(* Let $\overline{\mathcal{O}}$, $\varphi$ be as in the context, let $K$ be a complete non-Archimedean field, and let $F:\overline{\mathcal{O}}\to K$ be a continuous non-vanishing function. Suppose that for all $n\in\mathbb{N}$ and all $\mathbf{x}=(\mathbf{x}_t)_t\in\overline{\mathcal{O}}$ with $|\mathbf{x}_t|<1$ for all $t$, $$\varphi^{(n)}(-\mathbf{x})=-\mathbf{x}\ \Longrightarrow\ \prod_{j=0}^{n-1}F\left(-\varphi^{(j)}(-\mathbf{x})\right)=1.$$ Then there exists a continuous non-vanishing function $G:\overline{\mathcal{O}}\to K$ such that $F(\mathbf{x})=\dfrac{G(\mathbf{x})}{G(-\varphi(-\mathbf{x}))}$ for all $\mathbf{x}\in\overline{\mathcal{O}}$.
   Context: Let $q$ be a prime power, $A=\mathbb{F}_q[\theta]$, $k=\mathbb{F}_q(\theta)$. Let $\mathcal{O}=\prod_t\mathcal{O}_t$ be a finite product with each $\mathcal{O}_t\in\{\mathbb{Z},A\}$; for each $t$ fix a prime number $p_t$ (if $\mathcal{O}_t=\mathbb{Z}$, with $\overline{\mathcal{O}}_t=\mathbb{Z}_{p_t}$) or a monic irreducible $v_t\in A$ (if $\mathcal{O}_t=A$, with $\overline{\mathcal{O}}_t=A_{v_t}$ the $v_t$-adic completion), and $\overline{\mathcal{O}}=\prod_t\overline{\mathcal{O}}_t$. Fix $\pi_t$ a positive power of $p_t$ resp. $v_t$. Each $\mathbf{x}_t\in\overline{\mathcal{O}}_t$ is uniquely $\sum_{i\ge0}x_{t,i}\pi_t^i$ with integer digits $0\le x_{t,i}<\pi_t$ (case $\mathbb{Z}$) or polynomial digits of degree $<\deg\pi_t$ (case $A$); $\varphi_t(\mathbf{x}_t)=\sum_{i\ge0}x_{t,i+1}\pi_t^i$ and $\varphi(\mathbf{x})=(\varphi_t(\mathbf{x}_t))_t$; $\varphi^{(j)}$ is the $j$-fold iterate. If $\varphi^{(n)}(\mathbf{y})=\mathbf{y}$ then each component $\mathbf{y}_t$ is an element of $\mathbb{Q}$ resp. $k$ (a ratio of an element of $\mathcal{O}_t$ and $1-\pi_t^n$); here $|\cdot|$ denotes the usual real absolute value on $\mathbb{Q}$ and the $\infty$-adic absolute value $|f/g|=q^{\deg f-\deg g}$ on $k$. *)

From HB Require Import structures.
From mathcomp Require Import all_boot all_order all_algebra.
From mathcomp Require Import reals.
Set Implicit Arguments. Unset Strict Implicit. Unset Printing Implicit Defensive.
Import Order.TTheory GRing.Theory Num.Theory.
Local Open Scope ring_scope.
Lemma cycle_lose_no_winning_strategy (sg : strategy A) :
  cycle_win prod_edge prod_own0 prod_weight prod_init [:: prod_init] = false ->
  ~ wins0_with (AvgRecharge w cap t) sg.
Proof.
move=> lose [sg_legal sg_wins].
pose sgM : strat (V * M)%type := fun h =>
  let x := last prod_init h in let v := sg (map fst h) in (v, energy_step x.2 (w x.1 v)).
have sgM_legal : legal prod_edge prod_own0 true sgM.
  move=> h x own; rewrite /sgM last_rcons map_rcons /prod_edge /= eqxx andbT.
  exact: sg_legal.
have [q [q_play q_follows growth]] := cycle_lose_growth prod_edge_total lose sgM_legal.
pose p n := (q n).1.
have p_play : is_play p.
  by case: q_play => q0 q_edge; split; [rewrite /p q0 | move=> n; case/andP: (q_edge n)].
have p_cons : consistent0 sg p.
  move=> n own; rewrite /p (q_follows n own) /sgM /=; congr sg.
  by rewrite /hist /Defs.prefix /mkseq -map_comp.
have [avg recharge] := sg_wins p p_play p_cons.
have le_cap := Recharge_energy_of_le recharge.
pose N := #|{: (V * M)%type}|; pose K := N%:Z * (weight_bound prod_weight + 1).
have N_gt0 : (0 < N)%N by apply/card_gt0P; exists prod_init.
apply: (@limn_esup_gt_mul _ t%:R N%:R K%:~R _ _ avg); first by rewrite ltr0n.
move=> n n_gt0; rewrite mulr_avg_EL //.
have : n%:Z * (N%:Z * t%:Z + 1) <= N%:Z * (\sum_(i < n) ELcap w cap p i) + K.
  have : wsum prod_weight q n = \sum_(i < n) ELcap w cap p i - (n * t)%:Z.
    rewrite -wsum_lift //; apply: eq_bigr => i _.
    exact: congr1 _ (play_from_liftE q_play i).
  have growth_n : n%:Z <= N%:Z * wsum prod_weight q n + K := growth n.
  by rewrite PoszM in growth_n *; nia.
by rewrite -(ler_int R) !(intrD, intrM).
Qed.

End EnergyMemory.

Theorem corollary1 (A : arena) (w : avert A -> avert A -> rweight) (cap t : nat) :
  wins0 (AvgRecharge w cap t) ->
  exists (mI : 'I_(cap + 2)) (Upd : 'I_(cap + 2) -> avert A -> avert A -> 'I_(cap + 2))
         (Nxt : avert A -> 'I_(cap + 2) -> avert A),
    is_next_move Nxt /\
    wins0_with (AvgRecharge w cap t) (induced_strategy mI Upd Nxt).
Proof.
move=> [sg sg_wins].
case win: (cycle_win (@prod_edge A w cap) (@prod_own0 A cap) (@prod_weight A cap t)
                     (@prod_init A cap) [:: @prod_init A cap]).
  exact: cycle_win_memory_strategy.
by case: (cycle_lose_no_winning_strategy win sg_wins).
Qed.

**WORK TASK**
Word for word, return the entire set of entries.

**RESULT FOR THIS TASK**
(* Let $\overline{\mathcal{O}}$, $\varphi$ be as in the context, let $K$ be a complete non-Archimedean field, and let $F:\overline{\mathcal{O}}\to K$ be a continuous non-vanishing function. Suppose that for all $n\in\mathbb{N}$ and all $\mathbf{x}=(\mathbf{x}_t)_t\in\overline{\mathcal{O}}$ with $|\mathbf{x}_t|<1$ for all $t$, $$\varphi^{(n)}(-\mathbf{x})=-\mathbf{x}\ \Longrightarrow\ \prod_{j=0}^{n-1}F\left(-\varphi^{(j)}(-\mathbf{x})\right)=1.$$ Then there exists a continuous non-vanishing function $G:\overline{\mathcal{O}}\to K$ such that $F(\mathbf{x})=\dfrac{G(\mathbf{x})}{G(-\varphi(-\mathbf{x}))}$ for all $\mathbf{x}\in\overline{\mathcal{O}}$.
   Context: Let $q$ be a prime power, $A=\mathbb{F}_q[\theta]$, $k=\mathbb{F}_q(\theta)$. Let $\mathcal{O}=\prod_t\mathcal{O}_t$ be a finite product with each $\mathcal{O}_t\in\{\mathbb{Z},A\}$; for each $t$ fix a prime number $p_t$ (if $\mathcal{O}_t=\mathbb{Z}$, with $\overline{\mathcal{O}}_t=\mathbb{Z}_{p_t}$) or a monic irreducible $v_t\in A$ (if $\mathcal{O}_t=A$, with $\overline{\mathcal{O}}_t=A_{v_t}$ the $v_t$-adic completion), and $\overline{\mathcal{O}}=\prod_t\overline{\mathcal{O}}_t$. Fix $\pi_t$ a positive power of $p_t$ resp. $v_t$. Each $\mathbf{x}_t\in\overline{\mathcal{O}}_t$ is uniquely $\sum_{i\ge0}x_{t,i}\pi_t^i$ with integer digits $0\le x_{t,i}<\pi_t$ (case $\mathbb{Z}$) or polynomial digits of degree $<\deg\pi_t$ (case $A$); $\varphi_t(\mathbf{x}_t)=\sum_{i\ge0}x_{t,i+1}\pi_t^i$ and $\varphi(\mathbf{x})=(\varphi_t(\mathbf{x}_t))_t$; $\varphi^{(j)}$ is the $j$-fold iterate. If $\varphi^{(n)}(\mathbf{y})=\mathbf{y}$ then each component $\mathbf{y}_t$ is an element of $\mathbb{Q}$ resp. $k$ (a ratio of an element of $\mathcal{O}_t$ and $1-\pi_t^n$); here $|\cdot|$ denotes the usual real absolute value on $\mathbb{Q}$ and the $\infty$-adic absolute value $|f/g|=q^{\deg f-\deg g}$ on $k$. *)

From HB Require Import structures.
From mathcomp Require Import all_boot all_order all_algebra.
From mathcomp Require Import reals.
Set Implicit Arguments. Unset Strict Implicit. Unset Printing Implicit Defensive.
Import Order.TTheory GRing.Theory Num.Theory.
Local Open Scope ring_scope.
Lemma cycle_lose_no_winning_strategy (sg : strategy A) :
  cycle_win prod_edge prod_own0 prod_weight prod_init [:: prod_init] = false ->
  ~ wins0_with (AvgRecharge w cap t) sg.
Proof.
move=> lose [sg_legal sg_wins].
pose sgM : strat (V * M)%type := fun h =>
  let x := last prod_init h in let v := sg (map fst h) in (v, energy_step x.2 (w x.1 v)).
have sgM_legal : legal prod_edge prod_own0 true sgM.
  move=> h x own; rewrite /sgM last_rcons map_rcons /prod_edge /= eqxx andbT.
  exact: sg_legal.
have [q [q_play q_follows growth]] := cycle_lose_growth prod_edge_total lose sgM_legal.
pose p n := (q n).1.
have p_play : is_play p.
  by case: q_play => q0 q_edge; split; [rewrite /p q0 | move=> n; case/andP: (q_edge n)].
have p_cons : consistent0 sg p.
  move=> n own; rewrite /p (q_follows n own) /sgM /=; congr sg.
  by rewrite /hist /Defs.prefix /mkseq -map_comp.
have [avg recharge] := sg_wins p p_play p_cons.
have le_cap := Recharge_energy_of_le recharge.
pose N := #|{: (V * M)%type}|; pose K := N%:Z * (weight_bound prod_weight + 1).
have N_gt0 : (0 < N)%N by apply/card_gt0P; exists prod_init.
apply: (@limn_esup_gt_mul _ t%:R N%:R K%:~R _ _ avg); first by rewrite ltr0n.
move=> n n_gt0; rewrite mulr_avg_EL //.
have : n%:Z * (N%:Z * t%:Z + 1) <= N%:Z * (\sum_(i < n) ELcap w cap p i) + K.
  have : wsum prod_weight q n = \sum_(i < n) ELcap w cap p i - (n * t)%:Z.
    rewrite -wsum_lift //; apply: eq_bigr => i _.
    exact: congr1 _ (play_from_liftE q_play i).
  have growth_n : n%:Z <= N%:Z * wsum prod_weight q n + K := growth n.
  by rewrite PoszM in growth_n *; nia.
by rewrite -(ler_int R) !(intrD, intrM).
Qed.

End EnergyMemory.

Theorem corollary1 (A : arena) (w : avert A -> avert A -> rweight) (cap t : nat) :
  wins0 (AvgRecharge w cap t) ->
  exists (mI : 'I_(cap + 2)) (Upd : 'I_(cap + 2) -> avert A -> avert A -> 'I_(cap + 2))
         (Nxt : avert A -> 'I_(cap + 2) -> avert A),
    is_next_move Nxt /\
    wins0_with (AvgRecharge w cap t) (induced_strategy mI Upd Nxt).
Proof.
move=> [sg sg_wins].
case win: (cycle_win (@prod_edge A w cap) (@prod_own0 A cap) (@prod_weight A cap t)
                     (@prod_init A cap) [:: @prod_init A cap]).
  exact: cycle_win_memory_strategy.
by case: (cycle_lose_no_winning_strategy win sg_wins).
Qed.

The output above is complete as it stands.